In other words, things are tense, a lot is happening, and a miscalculation could set off a chain of events that could lead to a major conflagration.
ALREADY IN November, The New York Times reported that Trump had asked senior advisers what options existed for use against Iran’s nuclear sites in the coming weeks. According to the paper, the advisers, including Pompeo and Gen. Mark Milley, chairman of the Joint Chiefs of Staff – dissuaded Trump from such a move.

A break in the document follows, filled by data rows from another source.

(* For every integer $s\geq 0$, as formal power series in $t$, $$\sum_{n=0}^{\infty} L_{n,s}\,\frac{t^n}{n!} \;=\; \frac{e^{-1+\sqrt{1-2t}}}{\sqrt{1-2t}}\cdot\frac{\bigl(1-\sqrt{1-2t}\bigr)^s}{s!}.$$
   Context: A linear chord diagram with $n$ chords is a partition of $[2n]=\{1,2,\dots,2n\}$ into $n$ blocks of size two, called chords (equivalently, a perfect matching of $[2n]$). For a chord $\{a,b\}$ with $a<b$, its length is $b-a$. A short chord is a chord of length one, i.e. a chord of the form $\{i,i+1\}$. For $n\ge 0$ and $0\le s\le n$, $L_{n,s}$ denotes the number of linear chord diagrams with $n$ chords having exactly $s$ short chords (so $L_{0,0}=1$), and $L_{n,s}=0$ for $s>n$. *)

From HB Require Import structures.
From mathcomp Require Import all_boot all_order all_algebra.
Set Implicit Arguments. Unset Strict Implicit. Unset Printing Implicit Defensive.
Import Order.TTheory GRing.Theory Num.Theory.

(* A linear chord diagram with n chords = perfect matching of {0,..,2n-1}
   (we use 0-based points, which does not affect lengths), encoded as a
   fixed-point-free involution f : 'I_(2n) -> 'I_(2n) (f x = partner of x). *)
Definition is_chord_diagram (n : nat) (f : {ffun 'I_(n.*2) -> 'I_(n.*2)}) : bool :=
  [forall x, (f (f x) == x) && (f x != x)].

Definition short_chords (n : nat) (f : {ffun 'I_(n.*2) -> 'I_(n.*2)}) : nat :=
  #|[set x : 'I_(n.*2) | val (f x) == (val x).+1]|.
(* Let $G=H\times K$ where $H$ and $K$ are finitely generated groups. Then $\alpha_G\preccurlyeq\alpha_H\cdot\alpha_K$. If, in addition, $H$ and $K$ are characteristic in $G$, then $\alpha_G\sim\alpha_H\cdot\alpha_K$.
   Context: For a finitely generated group $G$ with finite generating set $\Sigma$, the automorphic growth function sends $n$ to the number of $\operatorname{Aut}(G)$-orbits of $G$ containing an element of word length at most $n$; $\alpha_G$ denotes its $\sim$-class (independent of $\Sigma$). For non-decreasing non-zero $f,g\colon\mathbb{N}\to\mathbb{N}$, $f\preccurlyeq g$ means there is $\lambda\in\mathbb{N}\setminus\{0\}$ with $f(n)\le\lambda g(\lambda n+\lambda)+\lambda$ for all $n$, and $f\sim g$ means both directions hold; products of classes are taken pointwise on representatives (well defined). *)

From Stdlib Require Import List Arith Lia.
Import ListNotations.

Record Grp := {
  gcar :> Type;
  gmul : gcar -> gcar -> gcar;
  gone : gcar;
  ginv : gcar -> gcar;
  gassoc : forall x y z, gmul x (gmul y z) = gmul (gmul x y) z;
  gone_l : forall x, gmul gone x = x;
  ginv_l : forall x, gmul (ginv x) x = gone
}.

Arguments gmul {g} _ _.
Arguments gone {g}.
Arguments ginv {g} _.

Definition prodGrp (H K : Grp) : Grp.
Proof.
  refine {| gcar := (gcar H * gcar K)%type;
            gmul := fun a b => (gmul (fst a) (fst b), gmul (snd a) (snd b));
            gone := (@gone H, @gone K);
            ginv := fun a => (ginv (fst a), ginv (snd a)) |}.
  - intros [a1 a2] [b1 b2] [c1 c2]; simpl; now rewrite !gassoc.
  - intros [a1 a2]; simpl; now rewrite !gone_l.
  - intros [a1 a2]; simpl; now rewrite !ginv_l.
Defined.

(* Evaluation of a word over Sigma^{+-1}: (true, s) stands for s, (false, s) for s^-1. *)
Definition eval_word {G : Grp} (w : list (bool * G)) : G :=
  fold_right (fun (p : bool * G) (acc : G) => gmul (if fst p then snd p else ginv (snd p)) acc) (@gone G) w.

Definition in_ball (G : Grp) (S : list G) (n : nat) (g : G) : Prop :=
  exists w : list (bool * G),
    length w <= n /\ (forall p, In p w -> In (snd p) S) /\ eval_word w = g.

Definition generates (G : Grp) (S : list G) : Prop :=
  forall g : G, exists n, in_ball G S n g.

Definition is_hom (G : Grp) (f : G -> G) : Prop :=
  forall x y : G, f (gmul x y) = gmul (f x) (f y).

Definition is_aut (G : Grp) (f : G -> G) : Prop :=
  is_hom G f /\ exists g : G -> G, (forall x, g (f x) = x) /\ (forall y, f (g y) = y).

Definition same_orbit (G : Grp) (x y : G) : Prop :=
  exists f, is_aut G f /\ f x = y.
(* If $M$ is a term of $\ell\Lambda_\infty^{4S}$, $M\to_0 N$ and $M\leadsto L$, then there is a term $P$ of $\ell\Lambda_\infty^{4S}$ such that $N\leadsto P$ and $L\to_0 P$.
   Context: Preterms: possibly infinite trees generated by $M ::= x \mid MN \mid \lambda x.M \mid \lambda^{\downarrow}x.M \mid \lambda^{\uparrow}x.M \mid \downarrow M \mid \uparrow M$ ($\downarrow M$ inductive box, $\uparrow M$ coinductive box); substitution is capture-avoiding. Patterns: $x,\downarrow x,\uparrow x,\#x,\dagger x$; environments: finite sets of patterns, each variable in at most one; $\Theta,\Xi,\Psi,\Phi$ linear environments with marked versions $\#\Theta$ etc.; $\Upsilon,\Pi$ environments with only patterns $y$, $\downarrow y$; commas are disjoint unions. A term of $\ell\Lambda_\infty^{4S}$ is a preterm $M$ with $\Gamma\vdash M$ derivable for some $\Gamma$ by: (vl) $\#\Theta,\uparrow\Xi,\dagger\Psi,x\vdash x$; (vd) $\#\Theta,\uparrow\Xi,\dagger\Psi,\#x\vdash x$; (va) $\#\Theta,\uparrow\Xi,\dagger\Psi,\dagger x\vdash x$; (a) from $\Upsilon,\#\Theta,\uparrow\Xi,\dagger\Psi\vdash M$ and $\Pi,\#\Theta,\uparrow\Xi,\dagger\Psi\vdash N$ infer $\Upsilon,\Pi,\#\Theta,\uparrow\Xi,\dagger\Psi\vdash MN$; (ll) $\Gamma,x\vdash M$ gives $\Gamma\vdash\lambda x.M$; (li)$_1$ $\Gamma,\#x\vdash M$ gives $\Gamma\vdash\lambda^\downarrow x.M$; (li)$_2$ $\Gamma,\downarrow x\vdash M$ gives $\Gamma\vdash\lambda^\downarrow x.M$; (lc) $\Gamma,\uparrow x\vdash M$ gives $\Gamma\vdash\lambda^\uparrow x.M$; (mi) from $\Xi,\uparrow\Psi,\dagger\Phi\vdash M$ infer $\#\Theta,\downarrow\Xi,\uparrow\Psi,\dagger\Phi\vdash\downarrow M$; (mc) from $\dagger\Xi,\dagger\Psi\vdash M$ infer $\#\Theta,\uparrow\Xi,\dagger\Psi\vdash\uparrow M$; (mc) coinductive, others inductive (every infinite branch of a derivation contains infinitely many (mc)). Basic reduction: $(\lambda x.M)N\mapsto M[N/x]$, $(\lambda^\downarrow x.M)(\downarrow N)\mapsto M[N/x]$, $(\lambda^\uparrow x.M)(\uparrow N)\mapsto M[N/x]$. $M\to N$ iff $M=C[L]$, $N=C[P]$, $L\mapsto P$ for a one-hole context $C$; $M\to_0 N$ is the special case in which the hole of $C$ lies inside no coinductive box $\uparrow(\cdot)$ (it may lie inside inductive boxes). Infinitary reduction $\Rightarrow$ and $\leadsto$ are given by the mixed formal system: (coinductive rule) if $M\to^*N$ and $N\leadsto L$ then $M\Rightarrow L$; (inductive rules) $x\leadsto x$; if $M\leadsto N$ and $L\leadsto P$ then $ML\leadsto NP$; if $M\leadsto N$ then $\lambda x.M\leadsto\lambda x.N$, $\lambda^\downarrow x.M\leadsto\lambda^\downarrow x.N$, $\lambda^\uparrow x.M\leadsto\lambda^\uparrow x.N$ and $\downarrow M\leadsto\downarrow N$; if $M\Rightarrow N$ then $\uparrow M\leadsto\uparrow N$. A judgment holds iff it is the root of a possibly infinite derivation tree in which every infinite branch uses the coinductive rule infinitely often. *)

(* Infinitary linear lambda calculus l-Lambda_infty^{4S}.
   Preterms are possibly infinite trees, represented coinductively with
   de Bruijn indices (alpha-equivalence classes of named trees). *)
From Stdlib Require Import Arith.

CoInductive term : Type :=
| Var  : nat -> term
| App  : term -> term -> term
| Lam  : term -> term
| LamI : term -> term          (* \^{down} x.M    *)
| LamC : term -> term          (* \^{up} x.M      *)
| BoxI : term -> term
| BoxC : term -> term.

CoInductive bisim : term -> term -> Prop :=
| b_var  n : bisim (Var n) (Var n)
| b_app  M M' N N' : bisim M M' -> bisim N N' -> bisim (App M N) (App M' N')
| b_lam  M M' : bisim M M' -> bisim (Lam M) (Lam M')
| b_lamI M M' : bisim M M' -> bisim (LamI M) (LamI M')
| b_lamC M M' : bisim M M' -> bisim (LamC M) (LamC M')
| b_boxI M M' : bisim M M' -> bisim (BoxI M) (BoxI M')
| b_boxC M M' : bisim M M' -> bisim (BoxC M) (BoxC M').

CoFixpoint lift (c : nat) (t : term) : term :=
  match t with
  | Var n => Var (if Nat.ltb n c then n else S n)
  | App a b => App (lift c a) (lift c b)
  | Lam a => Lam (lift (S c) a)
  | LamI a => LamI (lift (S c) a)
  | LamC a => LamC (lift (S c) a)
  | BoxI a => BoxI (lift c a)
  | BoxC a => BoxC (lift c a)
  end.

(* capture-avoiding substitution of N for index k (N already lifted to depth k),
   decrementing the indices above k *)
CoFixpoint substk (k : nat) (N : term) (t : term) : term :=
  match t with
  | Var n => if Nat.eqb n k then N
             else if Nat.ltb k n then Var (pred n) else Var n
  | App a b => App (substk k N a) (substk k N b)
  | Lam a => Lam (substk (S k) (lift 0 N) a)
  | LamI a => LamI (substk (S k) (lift 0 N) a)
  | LamC a => LamC (substk (S k) (lift 0 N) a)
  | BoxI a => BoxI (substk k N a)
  | BoxC a => BoxC (substk k N a)
  end.

(* M[N/x] where x is the variable bound by the enclosing binder of M *)
Definition subst0 (N M : term) : term := substk 0 N M.

(* pattern kinds: x, down x, up x, #x, dagger x *)
Inductive kind : Type := KLin | KInd | KCoi | KHash | KDag.

Definition env := nat -> option kind.

Definition env_finite (G : env) : Prop := exists n, forall i, n <= i -> G i = None.

(* Gamma, p : the environment for the body of a binder (index 0 is the bound variable) *)
Definition ext (k : kind) (G : env) : env :=
  fun i => match i with 0 => Some k | S j => G j end.

(* entries allowed in the "#Theta, up Xi, dagger Psi" part *)
Definition weak (o : option kind) : Prop :=
  match o with None | Some KHash | Some KCoi | Some KDag => True | _ => False end.

(* G = #Theta, up Xi, dagger Psi, p   with p one of x, #x, dagger x at index i *)
Definition var_env (G : env) (i : nat) : Prop :=
  (G i = Some KLin \/ G i = Some KHash \/ G i = Some KDag) /\
  (forall j, j <> i -> weak (G j)).

(* G = Upsilon, Pi, #Theta, up Xi, dagger Psi with G1 = Upsilon, #Theta, up Xi, dagger Psi
   and G2 = Pi, #Theta, up Xi, dagger Psi (Upsilon, Pi only contain y and down y) *)
Definition app_split (G G1 G2 : env) : Prop :=
  forall i,
    match G i with
    | None => G1 i = None /\ G2 i = None
    | Some KLin => (G1 i = Some KLin /\ G2 i = None) \/ (G1 i = None /\ G2 i = Some KLin)
    | Some KInd => (G1 i = Some KInd /\ G2 i = None) \/ (G1 i = None /\ G2 i = Some KInd)
    | Some k => G1 i = Some k /\ G2 i = Some k
    end.

(* rule (mi): conclusion  #Theta, down Xi, up Psi, dagger Phi;  premise  Xi, up Psi, dagger Phi *)
Definition mi_ok (G : env) : Prop := forall i, G i <> Some KLin.
Definition mi_env (G : env) : env :=
  fun i => match G i with
           | Some KInd => Some KLin
           | Some KCoi => Some KCoi
           | Some KDag => Some KDag
           | _ => None
           end.

(* rule (mc): conclusion  #Theta, up Xi, dagger Psi;  premise  dagger Xi, dagger Psi *)
Definition mc_ok (G : env) : Prop := forall i, weak (G i).
Definition mc_env (G : env) : env :=
  fun i => match G i with
           | Some KCoi => Some KDag
           | Some KDag => Some KDag
           | _ => None
           end.

(* inductive rules; R is used for the premise of the coinductive rule (mc) *)
Inductive typI (R : env -> term -> Prop) : env -> term -> Prop :=
| t_var G i : var_env G i -> typI R G (Var i)
| t_app G G1 G2 M N : app_split G G1 G2 -> typI R G1 M -> typI R G2 N ->
    typI R G (App M N)
| t_ll G M : typI R (ext KLin G) M -> typI R G (Lam M)
| t_li1 G M : typI R (ext KHash G) M -> typI R G (LamI M)
| t_li2 G M : typI R (ext KInd G) M -> typI R G (LamI M)
| t_lc G M : typI R (ext KCoi G) M -> typI R G (LamC M)
| t_mi G M : mi_ok G -> typI R (mi_env G) M -> typI R G (BoxI M)
| t_mc G M : mc_ok G -> R (mc_env G) M -> typI R G (BoxC M).

(* mixed derivability: greatest fixed point over (mc) of the least fixed point of the rest *)
Definition typ (G : env) (M : term) : Prop :=
  exists R : env -> term -> Prop, (forall G' M', R G' M' -> typI R G' M') /\ R G M.

Definition is_term (M : term) : Prop := exists G, env_finite G /\ typ G M.

Inductive redex : term -> term -> Prop :=
| r_lin M N : redex (App (Lam M) N) (subst0 N M)
| r_ind M N : redex (App (LamI M) (BoxI N)) (subst0 N M)
| r_coi M N : redex (App (LamC M) (BoxC N)) (subst0 N M).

But that was then, before last Wednesday’s attack on the Capitol and the impeachment vote in Congress – and the likelihood that these events will now be Trump’s enduring legacy. An attack now on the Islamic Republic, however, could dramatically change that conversation.
Which is why some are hinting at the possibility, even as they agree that the chances of this happening are very slim. If Pompeo, Milley and Vice President Mike Pence and others dissuaded Trump from military action against Iran two months ago before last week’s toxic events in Washington, then it is likely they would oppose or try to thwart such a move even more so now.
As Trump’s tenure comes to a close, both the Israelis and Americans are on edge over a possible Iranian attack to avenge the deaths of Soleimani and Fakhrizadeh; the Iranians are on edge that Trump may strike in his waning days in office; and Israel – if the foreign reports are to be believed – is sending clear messages to the American through attacks on Iranian assets in Syria that regardless of who sits in the White House, Jerusalem will not let Tehran entrench itself in Syria.
Those are a lot of moving parts in a very volatile region, all of which increase the possibility of a misread or miscalculation by one side or the other that, as Gantz intimated, could lead to a dramatic chain of events.